:: Material provided ::
Definition h_le (X Y : C) (n : nat) : Prop :=
  forall i j : int, nonzero_hom X (Sigz i Y) -> nonzero_hom X (Sigz j Y) ->
    (`|i - j| < n)%N.

Definition hom_class (n : nat) (X : C) : C -> Prop := fun Z => h_le X Z n.

Definition homologically_finite (X : C) : Prop :=
  forall Z : C, exists n : nat, h_le X Z n.

Definition finitistic_generator (X : C) : Prop :=
  homologically_finite X /\
  forall (p : nat) (Z : C), hom_class p X Z -> thick p X Z.
End TriDefs.

From Pilot Require Import Defs.
From mathcomp Require Import all_boot all_order all_algebra.
Set Implicit Arguments. Unset Strict Implicit. Unset Printing Implicit Defensive.
Import Order.TTheory GRing.Theory Num.Theory.
Local Open Scope ring_scope.

(* Large p (p > n): X is a summand of Y, so thick^{n+1}(X) is contained in
   thick^{n+1}(Y), and the levels thick^m(Y) increase with m (every object
   is the cone of 0 -> it); hence every object lies in thick^p(Y).

   Small p (p <= n): let Z be in hom^p(Y).  A nonzero map X -> Sigma^i Z
   gives, after n suspensions, a nonzero map Sigma^n X -> Sigma^{i+n} Z; both
   factor nontrivially through Y, so h(Y,Z) >= n+1 > p, impossible.  Hence X
   lies in the left orthogonal {W | Hom(W, Sigma^i Z) = 0 for all i}.  This
   class is closed under suspensions, desuspensions, direct sums, summands
   and cones, so it contains thick^{n+1}(X), i.e. every object, and in
   particular Z itself: Z is a zero object, which lies in every thick^p(Y). *)

Section Triangulated.
Variables (C : AddCat) (T : Triang C).
Local Notation Hom := (@Defs.Hom C).
Local Notation comp := (@Defs.comp C _ _ _).

Lemma comp0l (X Y Z : C) (f : Hom X Y) : comp (0 : Hom Y Z) f = 0.
Proof. by apply: (addrI (comp (0 : Hom Y Z) f)); rewrite -comp_addl !addr0. Qed.

Lemma comp0r (X Y Z : C) (g : Hom Y Z) : comp g (0 : Hom X Y) = 0.
Proof. by apply: (addrI (comp g (0 : Hom X Y))); rewrite -comp_addr !addr0. Qed.

Lemma compNl (X Y Z : C) (g : Hom Y Z) (f : Hom X Y) : comp (- g) f = - comp g f.
Proof. by apply: (addIr (comp g f)); rewrite -comp_addl !addNr comp0l. Qed.

Lemma compNr (X Y Z : C) (g : Hom Y Z) (f : Hom X Y) : comp g (- f) = - comp g f.
Proof. by apply: (addIr (comp g f)); rewrite -comp_addr !addNr comp0r. Qed.

Lemma iso_id (A : C) : is_iso (idm A).
Proof. by exists (idm A); rewrite comp_idl. Qed.

Lemma Sigm0 (X Y : C) : Sigm T (0 : Hom X Y) = 0.
Proof. by apply: (addrI (Sigm T (0 : Hom X Y))); rewrite -Sigm_add !addr0. Qed.

Lemma Sigm_inj (X Y : C) : injective (@Sigm C T X Y).
Proof. exact: bij_inj (Sigm_bij T X Y). Qed.

Lemma Sigm_surj (X Y : C) (g : Hom (Sig T X) (Sig T Y)) :
  exists f : Hom X Y, Sigm T f = g.
Proof. by case: (Sigm_bij T X Y) => h _ hK; exists (h g); rewrite hK. Qed.

Lemma Sigm_eq0 (X Y : C) (f : Hom X Y) : Sigm T f = 0 -> f = 0.
Proof. by rewrite -(Sigm0 X Y) => /Sigm_inj. Qed.

Lemma Sigz_succ_iso (Z : C) (i : int) :
  exists e : Hom (Sig T (Sigz T i Z)) (Sigz T (i + 1) Z), is_iso e.
Proof.
case: i => [m|[|k]].
- have -> : Posz m + 1 = Posz m.+1 by rewrite -addn1.
  exact: ex_intro _ _ (iso_id _).
- exact: Siginv_iso.
- have -> : Negz k.+1 + 1 = Negz k by rewrite !NegzE -addn1 PoszD opprD addrNK.
  exact: Siginv_iso.
Qed.

Definition orth (A B : C) : Prop := forall f : Hom A B, f = 0.

Lemma orth_iso (A A' B B' : C) (a : Hom A' A) (b : Hom B' B) :
  is_iso a -> is_iso b -> orth A B -> orth A' B'.
Proof.
move=> [a' [Ha1 _]] [b' [Hb1 _]] HAB f.
have -> : f = comp b' (comp (comp b (comp f a')) a).
  by rewrite !comp_assoc Hb1 comp_idl -comp_assoc Ha1 comp_idr.
by rewrite (HAB (comp b (comp f a'))) comp0l comp0r.
Qed.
:::
Work instructions: Nothing in the records above may be left out when you repeat them exactly.

Task result:
Definition h_le (X Y : C) (n : nat) : Prop :=
  forall i j : int, nonzero_hom X (Sigz i Y) -> nonzero_hom X (Sigz j Y) ->
    (`|i - j| < n)%N.

Definition hom_class (n : nat) (X : C) : C -> Prop := fun Z => h_le X Z n.

Definition homologically_finite (X : C) : Prop :=
  forall Z : C, exists n : nat, h_le X Z n.

Definition finitistic_generator (X : C) : Prop :=
  homologically_finite X /\
  forall (p : nat) (Z : C), hom_class p X Z -> thick p X Z.
End TriDefs.

From Pilot Require Import Defs.
From mathcomp Require Import all_boot all_order all_algebra.
Set Implicit Arguments. Unset Strict Implicit. Unset Printing Implicit Defensive.
Import Order.TTheory GRing.Theory Num.Theory.
Local Open Scope ring_scope.

(* Large p (p > n): X is a summand of Y, so thick^{n+1}(X) is contained in
   thick^{n+1}(Y), and the levels thick^m(Y) increase with m (every object
   is the cone of 0 -> it); hence every object lies in thick^p(Y).

   Small p (p <= n): let Z be in hom^p(Y).  A nonzero map X -> Sigma^i Z
   gives, after n suspensions, a nonzero map Sigma^n X -> Sigma^{i+n} Z; both
   factor nontrivially through Y, so h(Y,Z) >= n+1 > p, impossible.  Hence X
   lies in the left orthogonal {W | Hom(W, Sigma^i Z) = 0 for all i}.  This
   class is closed under suspensions, desuspensions, direct sums, summands
   and cones, so it contains thick^{n+1}(X), i.e. every object, and in
   particular Z itself: Z is a zero object, which lies in every thick^p(Y). *)

Section Triangulated.
Variables (C : AddCat) (T : Triang C).
Local Notation Hom := (@Defs.Hom C).
Local Notation comp := (@Defs.comp C _ _ _).

Lemma comp0l (X Y Z : C) (f : Hom X Y) : comp (0 : Hom Y Z) f = 0.
Proof. by apply: (addrI (comp (0 : Hom Y Z) f)); rewrite -comp_addl !addr0. Qed.

Lemma comp0r (X Y Z : C) (g : Hom Y Z) : comp g (0 : Hom X Y) = 0.
Proof. by apply: (addrI (comp g (0 : Hom X Y))); rewrite -comp_addr !addr0. Qed.

Lemma compNl (X Y Z : C) (g : Hom Y Z) (f : Hom X Y) : comp (- g) f = - comp g f.
Proof. by apply: (addIr (comp g f)); rewrite -comp_addl !addNr comp0l. Qed.

Lemma compNr (X Y Z : C) (g : Hom Y Z) (f : Hom X Y) : comp g (- f) = - comp g f.
Proof. by apply: (addIr (comp g f)); rewrite -comp_addr !addNr comp0r. Qed.

Lemma iso_id (A : C) : is_iso (idm A).
Proof. by exists (idm A); rewrite comp_idl. Qed.

Lemma Sigm0 (X Y : C) : Sigm T (0 : Hom X Y) = 0.
Proof. by apply: (addrI (Sigm T (0 : Hom X Y))); rewrite -Sigm_add !addr0. Qed.

Lemma Sigm_inj (X Y : C) : injective (@Sigm C T X Y).
Proof. exact: bij_inj (Sigm_bij T X Y). Qed.

Lemma Sigm_surj (X Y : C) (g : Hom (Sig T X) (Sig T Y)) :
  exists f : Hom X Y, Sigm T f = g.
Proof. by case: (Sigm_bij T X Y) => h _ hK; exists (h g); rewrite hK. Qed.

Lemma Sigm_eq0 (X Y : C) (f : Hom X Y) : Sigm T f = 0 -> f = 0.
Proof. by rewrite -(Sigm0 X Y) => /Sigm_inj. Qed.

Lemma Sigz_succ_iso (Z : C) (i : int) :
  exists e : Hom (Sig T (Sigz T i Z)) (Sigz T (i + 1) Z), is_iso e.
Proof.
case: i => [m|[|k]].
- have -> : Posz m + 1 = Posz m.+1 by rewrite -addn1.
  exact: ex_intro _ _ (iso_id _).
- exact: Siginv_iso.
- have -> : Negz k.+1 + 1 = Negz k by rewrite !NegzE -addn1 PoszD opprD addrNK.
  exact: Siginv_iso.
Qed.

Definition orth (A B : C) : Prop := forall f : Hom A B, f = 0.

Lemma orth_iso (A A' B B' : C) (a : Hom A' A) (b : Hom B' B) :
  is_iso a -> is_iso b -> orth A B -> orth A' B'.
Proof.
move=> [a' [Ha1 _]] [b' [Hb1 _]] HAB f.
have -> : f = comp b' (comp (comp b (comp f a')) a).
  by rewrite !comp_assoc Hb1 comp_idl -comp_assoc Ha1 comp_idr.
by rewrite (HAB (comp b (comp f a'))) comp0l comp0r.
Qed.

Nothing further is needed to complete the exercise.